Desde então, várias decisões foram dadas pela corte, porém o Supremo constatou que a gestão Bolsonaro descumpriu as ordens e prestou informações falsas à Justiça.

O ex-presidente também foi alvo de comunicações por condutas na pandemia do coronavírus, que deixou mais de 696 mil mortos. A comunicação mais recente foi feita em 2022 pelos senadores da CPI (Comissão Parlamentar de Inquérito) da Covid.
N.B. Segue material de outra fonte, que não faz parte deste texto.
Definition binom_stirling a m k := \sum_(j < k.+1) 'C(a, j) * stirling2n (m - j) (m - k).

Lemma ffpoly_binom_stirling a b x :
  (x + 1) ^ a * x ^ b = ffpoly (binom_stirling a (a + b)) (a + b) x.
Proof.
set m := a + b.
have powE j : x ^ (m - j) = \sum_(i < m.+1) stirling2n (m - j) i * x ^_ i.
  rewrite expn_stirling; apply: (@sumn_ord_widen (fun i => stirling2n (m - j) i * x ^_ i)).
    exact: leq_subr.
  by move=> i /andP [lt_i _]; rewrite stirling2n_small // mul0n.
rewrite expnDn big_distrl /= ffpolyE.
rewrite (eq_bigr (fun j : 'I_a.+1 => \sum_(i < m.+1) 'C(a, j) * stirling2n (m - j) i * x ^_ i)); last first.
  move=> j _; have le_ja : j <= a by rewrite -ltnS.
  rewrite exp1n muln1 -mulnA -expnD (_ : a - j + b = m - j); last by rewrite /m; lia.
  by rewrite powE big_distrr /=; apply: eq_bigr => i _; rewrite mulnA.
rewrite exchange_big /=; apply: eq_bigr => i _; rewrite -big_distrl /=; congr (_ * _).
have le_im : i <= m by rewrite -ltnS.
pose F j := 'C(a, j) * stirling2n (m - j) i.
rewrite /binom_stirling subKn // (@sumn_ord_widen F a.+1 m.+1) => [|| j /andP [lt_aj _]].
- apply/esym/sumn_ord_widen => [|j /andP [lt_mij lt_jm]]; first exact: leq_subr.
  by rewrite /F stirling2n_small ?muln0 //; lia.
- by rewrite /m ltnS leq_addr.
- by rewrite /F bin_small // mul0n.
Qed.

Lemma has_ffpoly_stirling f a m : a <= m ->
    has_ffpoly f m (fun x => (x + 1) ^ a * x ^ (m - a)) ->
  forall k, f k = \sum_(0 <= j < k.+1) 'C(a, j) * stirling2 (m%:Z - j%:Z)%R (m%:Z - k%:Z)%R.
Proof.
move=> le_am [f0 fP] k; rewrite big_mkord; case: (leqP k m) => [le_km | lt_mk].
  rewrite (@ffpoly_inj f (binom_stirling a m) m _ k le_km); last first.
    by move=> x; rewrite fP -{2 3}(subnKC le_am) -ffpoly_binom_stirling.
  apply: eq_bigr => j _; have le_jm : j <= m by apply: leq_trans le_km; rewrite -ltnS.
  by rewrite !subzn //; case: (m - j).
rewrite f0 // big1 // => j _; case: (leqP j a) => [le_ja | lt_aj]; last by rewrite bin_small.
have -> : (m%:Z - k%:Z)%R = Negz (k - m).-1 by rewrite NegzE; lia.
by rewrite subzn ?(leq_trans le_ja) //; case: (m - j) => [|n] /=; rewrite muln0.
Qed.

Lemma card_ord_lt n k : k <= n -> #|[set i : 'I_n | i < k]| = k.
Proof.
move=> le_kn; have inj : injective (widen_ord le_kn) by move=> i j /(congr1 val) eq_ij; apply: val_inj.
rewrite -[RHS]card_ord -cardsT -(card_imset _ inj); apply: eq_card => i; rewrite inE.
apply/idP/imsetP => [lt_ik | [j _ ->]]; last exact: (ltn_ord j).
by exists (Ordinal lt_ik) => //; apply: val_inj.
Qed.

Section Board.
Context {m : nat}.
Local Notation square := ('I_m * 'I_m)%type.

Definition ddiag (x : square) : int := ((x.1 : nat)%:Z - (x.2 : nat)%:Z)%R.
Definition adiag (x : square) : nat := x.1 + x.2.
Definition diag (z : int) : {set square} := [set x | ddiag x == z].

Definition placements (B : {set square}) k :=
  [set A : {set square} | [&& A \subset B, #|A| == k & nonattacking A]].
Definition nplace B k := #|placements B k|.

Lemma same_diagE (x y : square) : same_diag x y = (ddiag x == ddiag y) || (adiag x == adiag y).
Proof. by []. Qed.

Lemma ddiag_adiag_inj (x y : square) : ddiag x = ddiag y -> adiag x = adiag y -> x = y.
Proof.
move: x y => [i1 j1] [i2 j2]; rewrite /ddiag /adiag /= => eq_d eq_a.
by congr (_, _); apply: ord_inj; lia.
Qed.

Lemma same_diagC (x y : square) : same_diag x y = same_diag y x.
Proof. by rewrite !same_diagE eq_sym [adiag x == _]eq_sym. Qed.

Lemma nonattackingP (A : {set square}) :
  reflect {in A &, forall x y, x != y -> ~~ same_diag x y} (nonattacking A).
Proof.
apply: (iffP forall_inP) => [na x y xA yA | na x xA].
  by move/forall_inP: (na x xA) => /(_ y yA) /implyP.
by apply/forall_inP => y yA; apply/implyP; apply: na.
Qed.

Lemma nonattacking_setU1 (A : {set square}) y : y \notin A ->
  nonattacking (y |: A) = nonattacking A && [forall x in A, ~~ same_diag x y].
Proof.
move=> yA; apply/nonattackingP/andP => [na | [/nonattackingP na /forall_inP ny]].
  split; first by apply/nonattackingP => x z xA zA; apply: na; rewrite setU1r.
  by apply/forall_inP => x xA; apply: na; rewrite ?setU11 ?setU1r ?(memPn yA).
move=> x z; rewrite !in_setU1 => /predU1P [-> | xA] /predU1P [-> | zA] nxz.
- by rewrite eqxx in nxz.
- by rewrite same_diagC ny.
- exact: ny.
- exact: na.
Qed.

Lemma nplace0 B : nplace B 0 = 1.
Proof.
rewrite /nplace (_ : placements B 0 = [set set0]) ?cards1 //.
apply/setP => A; rewrite !inE cards_eq0 andbCA; case: eqP => [-> | //].
by rewrite sub0set; apply/nonattackingP => x; rewrite inE.
Qed.

Lemma has_ffpoly_nplace_set0 n : has_ffpoly (nplace set0) n (fun x => x ^_ n).
Proof.
have nplace_set0 k : nplace set0 k.+1 = 0.
  apply/eqP; rewrite cards_eq0; apply/eqP/setP => A; rewrite !inE subset0.
  by case: eqP => [-> | //]; rewrite cards0.
split=> [[|k] // | x].
by rewrite /ffpoly big_ord_recl nplace0 mul1n subn0 big1 ?addn0 // => k _; rewrite nplace_set0.
Qed.

Section PeelDiagonal.
Variables (B : {set square}) (c : int).
Local Notation Bc := (B :&: diag c).
Local Notation B' := (B :\: diag c).
Hypothesis adiag_meets_diag : {in B', forall x, exists2 y, y \in Bc & adiag y = adiag x}.

(* Falls back to [x] itself when there is no partner, which never happens on [B']. *)
Definition partner x := odflt x [pick y in Bc | adiag y == adiag x].

Lemma partnerP x : x \in B' -> partner x \in Bc /\ adiag (partner x) = adiag x.
Proof.
move=> xB'; rewrite /partner; case: pickP => [y /andP [yBc /eqP] // | none].
have [y yBc eq_a] := adiag_meets_diag xB'.
by move: (none y); rewrite yBc eq_a eqxx.
Qed.

Definition free (A : {set square}) := Bc :\: [set partner x | x in A].

Lemma mem_free (A : {set square}) y : A \subset B' -> y \in Bc ->
  (y \in free A) = [forall x in A, ~~ same_diag x y].
Proof.
move=> sAB' yBc; rewrite in_setD yBc andbT.
have yc : ddiag y = c by move: yBc; rewrite !inE => /andP [_ /eqP].
apply/idP/forall_inP => [ynA x xA | nsd]; last first.
  apply/imsetP => -[x xA eq_y]; have [_ pa] := partnerP (subsetP sAB' x xA).
  by move: (nsd x xA); rewrite same_diagE eq_y pa eqxx orbT.
have := subsetP sAB' x xA; rewrite !inE => /andP [xc _].
rewrite same_diagE yc (negbTE xc) /=; apply/negP => /eqP eq_a; case/imsetP: ynA.
have [pBc pa] := partnerP (subsetP sAB' x xA).
exists x => //; apply: ddiag_adiag_inj; last by rewrite pa.
by move: pBc; rewrite !inE yc => /andP [_ /eqP].
Qed.

Lemma card_free k (A : {set square}) : A \in placements B' k -> #|free A| = #|Bc| - k.
Proof.
rewrite inE => /and3P [sAB' /eqP <- na].
have sub_p : [set partner x | x in A] \subset Bc.
  by apply/subsetP => _ /imsetP [x xA ->]; exact: (partnerP (subsetP sAB' x xA)).1.
rewrite cardsD (setIidPr sub_p) card_in_imset // => x z xA zA eq_p.
apply/eqP; apply: contraT => nxz; have := nonattackingP A na x z xA zA nxz.
rewrite same_diagE -(partnerP (subsetP sAB' x xA)).2 -(partnerP (subsetP sAB' z zA)).2.
by rewrite eq_p eqxx orbT.
Qed.

Lemma placements_disjoint k :
  placements B k :&: [set A : {set square} | [disjoint A & diag c]] = placements B' k.
Proof.
apply/setP => A; rewrite !inE subsetD -!andbA.
by case: [disjoint A & diag c]; rewrite ?andbT ?andbF.
Qed.

Lemma setU1_diag (A : {set square}) y : A \subset B' -> y \in diag c ->
  (y |: A) :&: diag c = [set y].
Proof.
move=> sAB' yc; rewrite setIUl (setIidPl _) ?sub1set //.
by move: sAB'; rewrite subsetD -setI_eq0 => /andP [_ /eqP ->]; rewrite setU0.
Qed.

Definition free_pairs k :=
  [set p : {set square} * square | (p.1 \in placements B' k) && (p.2 \in free p.1)].

Lemma free_pairsP k (A : {set square}) y : (A, y) \in free_pairs k ->
  [/\ A \subset B', #|A| = k, nonattacking A, y \in Bc & y \notin A].
Proof.
rewrite !inE /= => /andP [/and3P [sAB' /eqP cardA na] /andP [_ yBc]].
split=> //; apply: contraL yBc => yA; move: (subsetP sAB' y yA).
by rewrite !inE => /andP [/negbTE ->]; rewrite andbF.
Qed.

Lemma placements_meeting_free k S y : S \in placements B k.+1 -> y \in S -> y \in diag c ->
  (S :\ y, y) \in free_pairs k.
Proof.
rewrite inE => /and3P [sSB /eqP cardS naS] yS yc.
have /andP [na /forall_inP ny] : nonattacking (S :\ y) && [forall x in S :\ y, ~~ same_diag x y].
  by rewrite -nonattacking_setU1 ?setD11 // setD1K.
have sAB' : S :\ y \subset B'.
  apply/subsetP => x xSy; have xS := subsetP (subD1set S y) x xSy.
  rewrite inE (subsetP sSB x xS) andbT; apply/negP => xc; case/negP: (ny x xSy).
  by rewrite !inE in xc yc; rewrite same_diagE (eqP xc) (eqP yc) eqxx.
have yBc : y \in Bc by rewrite inE yc (subsetP sSB).
rewrite inE /= mem_free // inE sAB' na /= andbT; apply/andP; split.
  by rewrite -eqSS -cardS (cardsD1 y S) yS add1n.
exact/forall_inP.
Qed.

Lemma free_pairs_setU1 k A y : (A, y) \in free_pairs k ->
  y |: A \in placements B k.+1 :\: [set A : {set square} | [disjoint A & diag c]].
Proof.
move=> /[dup] /free_pairsP [sAB' cardA na yBc yA].
rewrite inE /= => /andP [_]; rewrite mem_free // => ny.
have yc : y \in diag c by move: yBc; rewrite inE => /andP [].
rewrite !inE cardsU1 yA cardA eqxx nonattacking_setU1 // na ny !andbT; apply/andP; split.
  by apply/negP => disj; move: (disjointFr disj (setU11 y A)); rewrite yc.
apply/subsetP => x /setU1P [-> | /(subsetP sAB')]; first by move: yBc; rewrite inE => /andP [].
by rewrite inE => /andP [].
Qed.

Lemma placements_meeting k :
  placements B k.+1 :\: [set A : {set square} | [disjoint A & diag c]] =
  [set p.2 |: p.1 | p in free_pairs k].
Proof.
apply/setP => S; apply/idP/imsetP => [| [[A y] hAy ->]]; last exact: free_pairs_setU1.
rewrite in_setD in_set -setI_eq0 => /andP [/set0Pn [y /setIP [yS yc]] hS].
by exists (S :\ y, y); [apply: placements_meeting_free | rewrite /= setD1K].
Qed.

Lemma free_pairs_inj k :
  {in free_pairs k &, injective (fun p : {set square} * square => p.2 |: p.1)}.
Proof.
move=> [A y] [A' y'] /free_pairsP [sAB' _ _ yBc yA] /free_pairsP [sAB'' _ _ yBc' yA'] /= eq_S.
have diagc z : z \in Bc -> z \in diag c by rewrite inE => /andP [].
have eq_y : y = y'.
  by apply/set1_inj; rewrite -(setU1_diag sAB' (diagc y yBc)) eq_S (setU1_diag sAB'' (diagc y' yBc')).
subst y'; congr (_, _).
by rewrite -(setU1K yA) eq_S setU1K.
Qed.

Lemma card_free_pairs k : #|free_pairs k| = nplace B' k * (#|Bc| - k).
Proof.
rewrite -sum1_card (eq_bigl _ _ (fun p => in_set _ p)) /=.
rewrite -(pair_big_dep (mem (placements B' k)) (fun A => mem (free A)) (fun _ _ => 1)) /=.
rewrite (eq_bigr (fun _ => #|Bc| - k)) => [|A hA]; last by rewrite sum1_card (card_free hA).
by rewrite sum_nat_const.
Qed.

Lemma nplace_peel k : nplace B k.+1 = nplace B' k.+1 + (#|Bc| - k) * nplace B' k.
Proof.
rewrite /nplace -(cardsID [set A : {set square} | [disjoint A & diag c]]).
rewrite placements_disjoint placements_meeting card_in_imset ?card_free_pairs 1?mulnC //.
exact: free_pairs_inj.
Qed.

Lemma has_ffpoly_peel n P : has_ffpoly (nplace B') n P -> n <= #|Bc| ->
  has_ffpoly (nplace B) n.+1 (fun x => P x * (x + (#|Bc| - n))).
Proof.
by move=> hP le_n; apply: (has_ffpolyS hP le_n); [rewrite !nplace0 | exact: nplace_peel].
Qed.

End PeelDiagonal.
O relatório final do colegiado apontou prática de crimes contra a humanidade durante a crise sanitária.

Bolsonaro ainda não é investigado pelo TPI, o que acontece apenas após decisão do escritório do promotor, cargo exercido desde junho de 2021 por Karim Khan KC, do Reino Unido.

Única brasileira a integrar a corte até hoje, de 2003 a 2016, Sylvia Steiner afirma que o promotor deixou de publicar o relatório anual sobre o andamento dos exames preliminares feitos pelo gabinete, fase em que estão as queixas contra Bolsonaro. A etapa costuma demorar pelo menos dois anos.

Steiner integrou a comissão de juristas que formulou o parecer usado como referência pela CPI da Covid. Ela afirma que há uma série de provas graves de crimes contra a humanidade no caso dos indígenas, mas que a abertura de uma investigação depende de uma avaliação sobre a gravidade do caso em comparação a outras denúncias recebidas pela corte.

Em relação ao crime de genocídio, ela afirma que as provas apontam a existência de uma política de Estado destinada a causar o extermínio de parte da população indígena. Para ser julgado pelo TPI, porém, é necessário comprovar o chamado dolo adicional ou especial, a intenção de destruir.

“Essa especialidade é que torna a caracterização do genocídio como bastante específica, que vai muito além da retórica utilizada cada vez que um extermínio em massa ocorre”, diz.

Carolina Claro, professora adjunta de direito internacional no Instituto de Relações Internacionais da UnB (Universidade de Brasília), acrescenta como obstáculo a interpretação feita pelo TPI e outras cortes anteriores sobre genocídio.

“Mesmo que os casos sejam submetidos, os juízes podem entender que a omissão não é válida para atos de genocídio”, diz.

“Os tribunais penais entendiam que há genocídio, por exemplo, quando partes beligerantes ou agentes do Estado impõem armas e matam essas pessoas. Seria o homicídio direto, não o indireto, por meio da fome. Usar a fome com certeza caracteriza crime contra a humanidade, mas pelo entendimento do tribunal, até os dias de hoje, não seria genocídio.”

Para o professor de direito internacional da UFMG Aziz Saliba a dificuldade está no fato de o tribunal só julgar quando o Estado, por favorecimento das autoridades, ou por incapacidade, não consegue fazê-lo.

Saliba diz ainda que o fato de Bolsonaro não ser mais presidente do país sinaliza ao TPI que há chances maiores de ele ser julgado no Brasil.

Apesar disso, o professor afirma que as comunicações ao tribunal são importantes para evidenciar a gravidade dos fatos e gerar pressão internacional pelo julgamento. As provas levantadas, tanto pela CPI quanto nas demais comunicações sobre os povos indígenas, também podem ser usadas pelo Judiciário e investigadores no Brasil.